- Born: January 6, 1955 Galt, Ontario, Canada
- Died: July 12, 2024 (aged 69) Kingston, Ontario, Canada
- Height: 6 ft 2 in (188 cm)
- Weight: 195 lb (88 kg; 13 st 13 lb)
- Position: Centre
- Shot: Left
- Played for: Washington Capitals
- NHL draft: 18th overall, 1975 Washington Capitals
- WHA draft: 122nd overall, 1975 San Diego Mariners
- Playing career: 1975–1978

= Alex Forsyth (ice hockey) =

Canadian ice hockey player (1955–2024)

James Alexander Forsyth (January 6, 1955 – July 12, 2024) was a Canadian professional ice hockey forward. He played one game in the National Hockey League with the Washington Capitals during the 1976–77 season, on November 12, 1976 against the Chicago Black Hawks.

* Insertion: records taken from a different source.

(* Substituting [u = v / q^2] compares the two outer integrals pointwise. *)
Lemma lower_bound_integral n I1 I2 delta q : 0 < delta -> 1 <= q ->
  is_int_pos (fun u => chi n u * cond_prob_square delta u) I1 ->
  is_int_pos (fun u => chi n u * cond_prob_shift delta (sqrt (q ^ 2 - 1)) u) I2 ->
  / 2 * (/ q) ^ (n + 2) * I1 <= I2.
Proof.
  intros Hd Hq H1 H2.
  set (r := / q).
  assert (Hr : 0 < r <= 1) by (split; [apply Rinv_0_lt_compat; lra | rewrite <- Rinv_1; apply Rinv_le_contravar; lra]).
  set (f := fun u => chi n u * cond_prob_shift delta (sqrt (q ^ 2 - 1)) u).
  assert (Hfc : forall u, continuous f u).
  { intros u. unfold f. pose proof (chi_continuous n).
    pose proof (cond_prob_shift_continuous delta (sqrt (q ^ 2 - 1))). continuity_R. }
  apply (is_int_pos_scal_le _ _ H1); [apply Rmult_lt_0_compat; [lra | apply pow_lt; lra]|].
  intros b Hb. apply Rle_trans with (RInt f 0 (r ^ 2 * b)).
  - rewrite <- (RInt_comp_lin_R f (r ^ 2) b Hfc).
    rewrite <- RInt_scal_R by (apply (is_int_pos_ex_RInt _ _ H1); auto).
    apply RInt_le; auto.
    + apply (ex_RInt_scal (V:=R_NormedModule)). apply (is_int_pos_ex_RInt _ _ H1); auto.
    + apply ex_RInt_continuous_R. intros. apply (continuous_scal_r (V:=R_NormedModule)).
      apply (continuous_comp (fun y => r ^ 2 * y) f); [continuity_R | apply Hfc].
    + intros x Hx. unfold f. apply chi_cond_prob_square_le_scaled; auto.
      * apply sqrt_pos.
      * apply inv_le_1_sqrt_sq_sub_1; auto.
      * lra.
  - apply (RInt_le_is_int_pos f I2 H2).
    + intros x Hx. apply Rmult_le_pos; [apply chi_nonneg | apply gauss_tail_nonneg].
    + apply Rmult_le_pos; [apply pow_le; lra | auto].
Qed.

(** * Gaussian moments *)

Definition gauss_mom (j : nat) (w : R) := w ^ j * exp (- w ^ 2 / 2).
Definition gauss_mom_int (j : nat) (b : R) : R := RInt (gauss_mom j) 0 b.

Lemma gauss_mom_continuous j w : continuous (gauss_mom j) w.
Proof. unfold gauss_mom. continuity_R. Qed.

Lemma ex_RInt_gauss_mom j a b : ex_RInt (gauss_mom j) a b.
Proof. apply ex_RInt_continuous_R, gauss_mom_continuous. Qed.

Lemma gauss_mom_nonneg j w : 0 <= w -> 0 <= gauss_mom j w.
Proof. intros. apply Rmult_le_pos; [apply pow_le; auto | left; apply exp_pos]. Qed.

Lemma gauss_mom_int_nondecreasing j b b' : 0 <= b -> b <= b' ->
  gauss_mom_int j b <= gauss_mom_int j b'.
Proof.
  intros. apply RInt_nondecreasing; auto. apply ex_RInt_gauss_mom.
  intros; apply gauss_mom_nonneg; lra.
Qed.

Lemma RInt_comp_sq (g : R -> R) b : (forall u, continuous g u) ->
  RInt g 0 (b ^ 2) = RInt (fun w => 2 * w * g (w ^ 2)) 0 b :> R.
Proof.
  intros Hg.
  pose proof (RInt_comp (V:=R_CompleteNormedModule) g (fun w => w ^ 2) (fun w => 2 * w) 0 b) as E.
  simpl in E. replace (0 * (0 * 1)) with 0 in E by ring. replace (b * (b * 1)) with (b ^ 2) in E by ring.
  rewrite <- E.
  - apply RInt_ext. intros x _. simpl. now replace (x * (x * 1)) with (x ^ 2) by ring.
  - intros; apply Hg.
  - intros x _. split; [auto_derive; auto; ring | continuity_R].
Qed.

Lemma RInt_chi_sq n b : 0 <= b -> RInt (chi n) 0 (b ^ 2) = 2 * gauss_mom_int (S n) b :> R.
Proof.
  intros Hb. rewrite RInt_comp_sq by apply chi_continuous.
  unfold gauss_mom_int. rewrite <- RInt_scal_R by apply ex_RInt_gauss_mom.
  apply RInt_ext. intros x Hx. rewrite Rmin_left, Rmax_right in Hx by lra.
  unfold chi, gauss_mom. rewrite sqrt_pow2 by lra. simpl. ring.
Qed.

Lemma gauss_mom_int_1 b : gauss_mom_int 1 b = 1 - exp (- b ^ 2 / 2).
Proof.
  unfold gauss_mom_int. rewrite (RInt_derive_R (fun w => - exp (- w ^ 2 / 2))).
  - replace (- 0 ^ 2 / 2) with 0 by field. rewrite exp_0. ring.
  - intros x. unfold gauss_mom. auto_derive; auto.
    replace (- (x * (x * 1)) * / 2) with (- x ^ 2 / 2) by field. field.
  - apply gauss_mom_continuous.
Qed.

Lemma gauss_mom_int_1_bound M : (forall b, 0 <= b -> gauss_mom_int 1 b <= M) -> 1 <= M.
Proof.
  intros H. destruct (Rle_or_lt 1 M) as [|Hlt]; auto. exfalso.
  set (e := 1 - M). assert (He : 0 < e) by (unfold e; lra).
  (* at [b^2 = 2 / e] the defect [exp (- 1 / e)] is [< e] since [exp (1/e) > 1 + 1/e] *)
  specialize (H (sqrt (2 / e)) (sqrt_pos _)).
  rewrite gauss_mom_int_1, pow2_sqrt in H by (apply Rlt_le, Rdiv_lt_0_compat; lra).
  replace (- (2 / e) / 2) with (- (1 / e)) in H by (field; lra).
  pose proof (exp_ineq1 (1 / e) ltac:(apply Rgt_not_eq, Rdiv_lt_0_compat; lra)).
  rewrite exp_Ropp in H.
  assert (Hinv : / exp (1 / e) < e).
  { apply Rmult_lt_reg_l with (exp (1 / e)); [apply exp_pos|].
    rewrite Rinv_r by apply Rgt_not_eq, exp_pos.
    apply Rlt_le_trans with (e * (1 + 1 / e)); [|nra].
    replace (e * (1 + 1 / e)) with (e + 1) by (field; lra). lra. }
  unfold e in *. lra.
Qed.

Lemma gauss_mom_int_0_bound b : 0 <= b -> gauss_mom_int 0 b <= 1 + exp (- 1 / 2).
Proof.
  intros Hb.
  assert (Hle1 : forall a, 0 <= a <= 1 -> RInt (gauss_mom 0) 0 a <= 1).
  { intros a Ha. apply Rle_trans with (RInt (fun _ => 1) 0 a).
    - apply RInt_le; [lra | apply ex_RInt_gauss_mom | apply ex_RInt_continuous_R; intros; continuity_R |].
      intros w _. unfold gauss_mom. rewrite pow_O, Rmult_1_l, <- exp_0.
      apply exp_le_exp. pose proof (pow2_ge_0 w). lra.
    - rewrite RInt_const. change (scal (a - 0) 1) with ((a - 0) * 1). lra. }
  destruct (Rle_or_lt b 1); [pose proof (exp_pos (- 1 / 2)); unfold gauss_mom_int; pose proof (Hle1 b); lra|].
  (* beyond [1], [gauss_mom 0 <= gauss_mom 1] *)
  unfold gauss_mom_int. rewrite <- (RInt_Chasles_R (gauss_mom 0) 0 1 b) by apply ex_RInt_gauss_mom.
  assert (RInt (gauss_mom 0) 1 b <= RInt (gauss_mom 1) 1 b).
  { apply RInt_le; [lra | apply ex_RInt_gauss_mom | apply ex_RInt_gauss_mom |].
    intros x Hx. unfold gauss_mom. rewrite pow_O, pow_1. pose proof (exp_pos (- x ^ 2 / 2)). nra. }
  assert (RInt (gauss_mom 1) 1 b = exp (- 1 / 2) - exp (- b ^ 2 / 2)).
  { pose proof (RInt_Chasles_R (gauss_mom 1) 0 1 b (ex_RInt_gauss_mom _ _ _) (ex_RInt_gauss_mom _ _ _)).
    fold (gauss_mom_int 1 b) (gauss_mom_int 1 1) in H1. rewrite !gauss_mom_int_1 in H1.
    replace (- 1 ^ 2 / 2) with (- 1 / 2) in H1 by field. lra. }
  pose proof (exp_pos (- b ^ 2 / 2)). pose proof (Hle1 1 ltac:(lra)). lra.
Qed.

Lemma gauss_mom_int_SS j b :
  gauss_mom_int (S (S j)) b + b ^ S j * exp (- b ^ 2 / 2) = INR (S j) * gauss_mom_int j b.
Proof.
  (* integration by parts: [w^(j+1) e^(-w^2/2)] has derivative [(j+1) gauss_mom j - gauss_mom (j+2)] *)
  assert (E : RInt (fun w => INR (S j) * gauss_mom j w + (-1) * gauss_mom (S (S j)) w) 0 b
              = b ^ S j * exp (- b ^ 2 / 2) :> R).
  { rewrite (RInt_derive_R (fun w => w ^ S j * exp (- w ^ 2 / 2))).
    - simpl. rewrite !Rmult_0_l. ring.
    - intros x. unfold gauss_mom. auto_derive; auto.
      change (match j with 0%nat => 1 | S _ => INR j + 1 end) with (INR (S j)).
      replace (- (x * (x * 1)) * / 2) with (- x ^ 2 / 2) by field. simpl. field.
    - intros x. pose proof (gauss_mom_continuous j). pose proof (gauss_mom_continuous (S (S j))).
      continuity_R. }
  rewrite (RInt_plus (V:=R_CompleteNormedModule)) in E
    by (apply (ex_RInt_scal (V:=R_NormedModule)), ex_RInt_gauss_mom).
  change (plus ?x ?y) with (x + y) in E.
  rewrite !RInt_scal_R in E by apply ex_RInt_gauss_mom. unfold gauss_mom_int. lra.
Qed.

Lemma gauss_mom_le_inv j b : (1 <= j)%nat -> 1 <= b ->
  b ^ j * exp (- b ^ 2 / 2) <= (4 * INR j) ^ j / b.
Proof.
  intros Hj Hb.
  pose proof (pow_le_exp_quarter j (b ^ 2) ltac:(apply pow_le; lra)) as P.
  assert (Hbj : b <= b ^ j) by (rewrite <- (pow_1 b) at 1; apply Rle_pow; auto).
  assert (Hbj0 : 0 < b ^ j) by (apply pow_lt; lra).
  replace ((b ^ 2) ^ j) with (b ^ j * b ^ j) in P by (rewrite <- pow_mult, <- pow_add; f_equal; lia).
  assert (E2 : exp (b ^ 2 / 4) * exp (- b ^ 2 / 2) <= 1).
  { rewrite <- exp_plus, <- exp_0. apply exp_le_exp. pose proof (pow2_ge_0 b). lra. }
  pose proof (exp_pos (- b ^ 2 / 2)).
  assert (HC : 0 <= (4 * INR j) ^ j) by (apply pow_le; pose proof (pos_INR j); lra).
  assert (Hprod : b ^ j * (b ^ j * exp (- b ^ 2 / 2)) <= (4 * INR j) ^ j).
  { rewrite <- Rmult_assoc.
    apply Rle_trans with ((4 * INR j) ^ j * exp (b ^ 2 / 4) * exp (- b ^ 2 / 2));
      [apply Rmult_le_compat_r; lra | nra]. }
  apply Rle_trans with ((4 * INR j) ^ j / b ^ j).
  - apply Rmult_le_reg_l with (b ^ j); auto. field_simplify; lra.
  - apply Rmult_le_compat_l; auto. apply Rinv_le_contravar; lra.
Qed.

(* AM-GM: [2 s w^(m+1) <= w^(m+2) + s^2 w^m]. *)
Lemma gauss_mom_amgm m s w : 0 < s -> 0 <= w ->
  gauss_mom (S m) w <= (gauss_mom (S (S m)) w / s + s * gauss_mom m w) / 2.
Proof.
  intros Hs Hw. unfold gauss_mom. simpl.
  assert (0 <= w ^ m) by (apply pow_le; auto). pose proof (exp_pos (- (w * (w * 1)) / 2)).
  set (E := exp (- (w * (w * 1)) / 2)) in *. set (P := w ^ m) in *.
  assert (0 <= P * E * (w - s) ^ 2 / s)
    by (apply Rmult_le_pos; [apply Rmult_le_pos; [nra | apply pow2_ge_0] | left; apply Rinv_0_lt_compat; auto]).
  apply Rle_trans with ((w * (w * P) * E / s + s * (P * E)) / 2 - P * E * (w - s) ^ 2 / s / 2);
    [right; field; lra | lra].
Qed.

Lemma gauss_mom_int_S_le m b : 0 <= b ->
  gauss_mom_int (S m) b <=
  gauss_mom_int (S (S m)) b / sqrt (INR (S m)) + b ^ S m * exp (- b ^ 2 / 2) / (2 * sqrt (INR (S m))).
Proof.
  intros Hb. set (s := sqrt (INR (S m))).
  assert (Hs1 : 1 <= s) by (unfold s; rewrite <- sqrt_1; apply sqrt_le_1_alt; rewrite S_INR; pose proof (pos_INR m); lra).
  assert (Hs2 : s * s = INR (S m)) by (unfold s; apply sqrt_sqrt, pos_INR).
  assert (Hamgm : gauss_mom_int (S m) b <= (gauss_mom_int (S (S m)) b / s + s * gauss_mom_int m b) / 2).
  { unfold gauss_mom_int.
    apply Rle_trans with (RInt (fun w => / 2 * (/ s * gauss_mom (S (S m)) w) + / 2 * (s * gauss_mom m w)) 0 b).
    - apply RInt_le; auto; [apply ex_RInt_gauss_mom | |].
      + apply ex_RInt_continuous_R. intros.
        pose proof (gauss_mom_continuous m). pose proof (gauss_mom_continuous (S (S m))). continuity_R.
      + intros x Hx. pose proof (gauss_mom_amgm m s x ltac:(lra) ltac:(lra)). lra.
    - rewrite (RInt_plus (V:=R_CompleteNormedModule))
        by (apply ex_RInt_continuous_R; intros;
            pose proof (gauss_mom_continuous m); pose proof (gauss_mom_continuous (S (S m))); continuity_R).
      change (plus ?x ?y) with (x + y).
      rewrite (RInt_scal_R (fun w => / s * gauss_mom (S (S m)) w)), (RInt_scal_R (fun w => s * gauss_mom m w))
        by (apply (ex_RInt_scal (V:=R_NormedModule)), ex_RInt_gauss_mom).
      rewrite !RInt_scal_R by apply ex_RInt_gauss_mom.
      lra. }
  pose proof (gauss_mom_int_SS m b) as Hibp. rewrite <- Hs2 in Hibp.
  replace (gauss_mom_int m b) with ((gauss_mom_int (S (S m)) b + b ^ S m * exp (- b ^ 2 / 2)) / (s * s))
    in Hamgm by (rewrite Hibp; field; lra).
  apply Rle_trans with (1 := Hamgm). right. field. lra.
Qed.

Definition mom_ratio (n : nat) :=
  match n with O => 1 + exp (- 1 / 2) | S m => / sqrt (INR (S m)) end.

Lemma mom_ratio_pos n : 0 < mom_ratio n.
Proof.
  destruct n; unfold mom_ratio.
  - pose proof (exp_pos (- 1 / 2)). lra.
  - apply Rinv_0_lt_compat, sqrt_lt_R0, lt_0_INR. lia.
Qed.

Lemma gauss_mom_int_le n M : (forall b, 0 <= b -> gauss_mom_int (S n) b <= M) ->
  forall b, 0 <= b -> gauss_mom_int n b <= mom_ratio n * M.
Proof.
  intros HM b Hb. destruct n as [|m].
  - pose proof (gauss_mom_int_1_bound M HM). pose proof (gauss_mom_int_0_bound b Hb).
    pose proof (exp_pos (- 1 / 2)). unfold mom_ratio. nra.
  - set (s := sqrt (INR (S m))).
    assert (Hs1 : 1 <= s) by (unfold s; rewrite <- sqrt_1; apply sqrt_le_1_alt; rewrite S_INR; pose proof (pos_INR m); lra).
    simpl mom_ratio. fold s.
    (* let [b' -> +oo] in [gauss_mom_int_S_le m b']: the boundary term decays like [1 / b'] *)
    assert (Heps : forall eps, 0 < eps -> gauss_mom_int (S m) b <= / s * M + eps).
    { intros eps Heps.
      set (C := (4 * INR (S m)) ^ S m).
      assert (HC : 0 <= C) by (unfold C; apply pow_le; pose proof (pos_INR (S m)); lra).
      set (b' := Rmax b (Rmax 1 (C / eps)) + 1).
      pose proof (Rmax_l b (Rmax 1 (C / eps))). pose proof (Rmax_r b (Rmax 1 (C / eps))).
      pose proof (Rmax_l 1 (C / eps)). pose proof (Rmax_r 1 (C / eps)).
      assert (Hb' : 1 <= b' /\ b <= b' /\ C / eps < b') by (unfold b'; lra).
      pose proof (gauss_mom_int_nondecreasing (S m) b b' Hb ltac:(lra)).
      pose proof (gauss_mom_int_S_le m b' ltac:(lra)) as Hb'le. fold s in Hb'le.
      pose proof (HM b' ltac:(lra)).
      pose proof (gauss_mom_le_inv (S m) b' ltac:(lia) ltac:(lra)) as Hdecay. fold C in Hdecay.
      assert (C / b' < eps).
      { apply Rmult_lt_reg_r with b'; [lra|]. replace (C / b' * b') with C by (field; lra).
        apply Rmult_lt_reg_r with (/ eps); [apply Rinv_0_lt_compat; auto|].
        replace (eps * b' * / eps) with b' by (field; lra). unfold Rdiv in Hb'. lra. }
      assert (0 <= b' ^ S m * exp (- b' ^ 2 / 2))
        by (apply Rmult_le_pos; [apply pow_le; lra | left; apply exp_pos]).
      assert (b' ^ S m * exp (- b' ^ 2 / 2) / (2 * s) <= b' ^ S m * exp (- b' ^ 2 / 2)).
      { unfold Rdiv. rewrite <- (Rmult_1_r (b' ^ S m * exp (- b' ^ 2 / 2))) at 2.
        apply Rmult_le_compat_l; auto. rewrite <- Rinv_1. apply Rinv_le_contravar; lra. }
      assert (gauss_mom_int (S (S m)) b' / s <= / s * M).
      { unfold Rdiv. rewrite Rmult_comm. apply Rmult_le_compat_l; auto.
        left; apply Rinv_0_lt_compat; lra. }
      lra. }
    destruct (Rle_or_lt (gauss_mom_int (S m) b) (/ s * M)) as [|Hlt]; auto.
    specialize (Heps ((gauss_mom_int (S m) b - / s * M) / 2) ltac:(lra)). lra.
Qed.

He was selected by the Capitals 18th overall in the 1975 NHL entry draft and by the San Diego Mariners of the World Hockey Association in the ninth round of the 1975 WHA Amateur Draft, from the Kingston Canadians of the Ontario Major Junior Hockey League.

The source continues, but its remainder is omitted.